• **WHAT THIS TASK INVOLVES**
Take the data below and filter it for lines containing the word "else"; show each line found.

• **DATA FOR THIS EXERCISE**
(* Let $x,y$ be vertices of the Farey graph $\mathcal{F}$ with $d_{\mathcal{C}}(x,y)\ge 2$, and let $\mathcal{P}$ be a path in $\mathcal{F}$ joining $x$ and $y$. Then $\mathcal{P}$ is a geodesic in $\mathcal{F}$ if and only if $\mathcal{P}$ is contained in the ladder $\mathcal{L}(x,y)$ and is a geodesic in the graph $\mathcal{L}(x,y)$.
   Context: The Farey graph $\mathcal{F}$ has vertex set $\mathbb{Q}\cup\{\infty\}$ (vertices $p/q$ in lowest terms, $\infty=1/0$), with $p/q$ and $r/s$ adjacent iff $|ps-qr|=1$; $d_{\mathcal{C}}$ is its path metric with unit edge lengths. It is embedded in $\overline{\mathbb{H}}=\mathbb{H}^2\cup\partial\mathbb{H}^2$ (upper half-plane model) with edges realized as hyperbolic geodesics; the closures of the complementary regions are ideal triangles called Farey triangles. For distinct $x,y\in\partial\mathbb{H}^2$, the ladder $\mathcal{L}(x,y)$ is the union of all Farey triangles whose interior meets the hyperbolic geodesic from $x$ to $y$, regarded as the subgraph of $\mathcal{F}$ formed by the vertices and edges of these triangles (with its own path metric). *)

From HB Require Import structures.
From mathcomp Require Import all_boot all_order all_algebra.
Set Implicit Arguments. Unset Strict Implicit. Unset Printing Implicit Defensive.
Import Order.TTheory GRing.Theory Num.Theory.

(* Vertices of the Farey graph: Q ∪ {∞}; [None] is ∞ = 1/0.
   A rational is stored in lowest terms with positive denominator. *)
Definition fvert := option rat.

Definition fnum (v : fvert) : int := if v is Some r then numq r else 1%R.
Definition fden (v : fvert) : int := if v is Some r then denq r else 0%R.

• **SOLUTION FOR THIS TASK**
Definition fnum (v : fvert) : int := if v is Some r then numq r else 1%R.
Definition fden (v : fvert) : int := if v is Some r then denq r else 0%R.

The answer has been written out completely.